On 30 May 2020, the third Anti-COVID-19 legislative package was published in the Official Gazette of the Republic of Slovenia, introducing, among other measures, a screening instrument for foreign direct investments ("FDI"). This is a novelty in the Slovenian regulatory landscape.

The screening catches not only investments from third countries but, remarkably, also from EU Member States. The regime will remain in force until 30 June 2023.

Scope of the Decree

The Slovenian FDI screening mechanism anticipates that investments by foreign investors acquiring an interest of at least 10 % must be notified to the Ministry of Economy (the "Ministry"; currently: Ministry of Economic Development and Technology) within 15 days from

  • the conclusion of a share purchase agreement or a public takeover bid,
  • the establishment of a corporate entity, or
  • the acquisition of a right to dispose real estates,

when the investment concerns:

  • critical infrastructure, whether physical or virtual, including energy, transport, water, health, communications, media, data processing or storage, aerospace, defence, electoral or financial infrastructure, and sensitive facilities, as well as land and real estate crucial for the use of such infrastructure or land and real estate located near such infrastructure;
  • critical technologies and dual use items as defined in point 1 of Article 2 of Council Regulation (EC) No 428/2009 (15), including artificial intelligence, robotics, semiconductors, cybersecurity, aerospace, defence, energy storage, quantum and nuclear technologies as well as nanotechnologies and biotechnologies as well as healthcare, medical or pharmaceutical technologies;
  • supply of critical inputs, including energy or raw materials, as well as food security, medical and protective equipment;
  • access to sensitive information, including personal data, or the ability to control such information;
  • the freedom and pluralism of the media;
  • projects and programmes in the interest of the EU as listed with Annex 1 of Regulation 2019/452/EU.

The above-listed factors ((a) through (f)) mirror Article 4 (1) of the EU FDI Screening Regulation 2019/452, while being slightly supplemented as highlighted in italics.

A "foreign investor" is defined as a company or organisation domiciled in, or a citizen of, an EU Member State, the EEA or Switzerland, or a third country.

Also in line with the EU FDI Screening Regulation 2019/452, when determining whether a foreign direct investment is likely to affect security or public order, the Ministry will take into account:

  • whether the foreign investor is directly or indirectly controlled by the government, including state bodies or armed forces, of a third country, including through ownership structure or significant funding;
  • whether the foreign investor has already been involved in activities affecting security or public order in a Member State; or
  • whether there is a serious risk that the foreign investor engages in illegal or criminal activities

Procedural provisions and sanctions

Investments subject to the new regime require approval by the Ministry. The application for such approval must be submitted to the Ministry within 15 days from the date of execution of the agreement. A review period of two months is envisaged for all cases.

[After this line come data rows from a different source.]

(* action of X (image e) on v_U *)
Definition Xb {n} (U : bitab n) : vec n :=
  match ent U 1 with
  | Some a => if ccomp a then 0 else bv U
  | None => 0
  end.

Definition act (lam : seq nat) (m n : nat) (B : bitab n -> vec n) (v : vec n)
  : vec n := \sum_(U | standard lam m n U) v U *: B U.

Definition Tact lam m n (i : nat) := act lam m n (Tb i).
Definition Xact lam m n := act lam m n Xb.

(* Tright k v = T_1 (T_2 (... (T_k v))) ; Tleft k v = T_k (... (T_1 v)) *)
Fixpoint Tright lam m n (k : nat) (v : vec n) : vec n :=
  match k with 0 => v | k'.+1 => Tright lam m n k' (Tact lam m n k'.+1 v) end.
Fixpoint Tleft lam m n (k : nat) (v : vec n) : vec n :=
  match k with 0 => v | k'.+1 => Tact lam m n k'.+1 (Tleft lam m n k' v) end.

(* Jucys-Murphy element L_i = q^(1-i) T_(i-1)...T_1 e T_1...T_(i-1) acting on M^lambda *)
Definition Lact lam m n (i : nat) (v : vec n) : vec n :=
  q ^ (1 - (i%:Z)) *: Tleft lam m n (i.-1) (Xact lam m n (Tright lam m n (i.-1) v)).

From HB Require Import structures.
From mathcomp Require Import all_boot all_order all_algebra algC.
From mathcomp Require Import perm zify ring.
Import GRing.Theory Num.Theory.
Local Open Scope ring_scope.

The law does not anticipate any extensions or stop-the-clock mechanisms in case of an information request. There is also no standstill obligation envisaged. However, in case the transaction is prohibited, the respective contract is deemed to be null and void by law.

A fine of up to EUR 500,000 may be imposed on corporate entities who were obliged to notify as well as representatives of the corporate entities in the amount of up to EUR 10,000.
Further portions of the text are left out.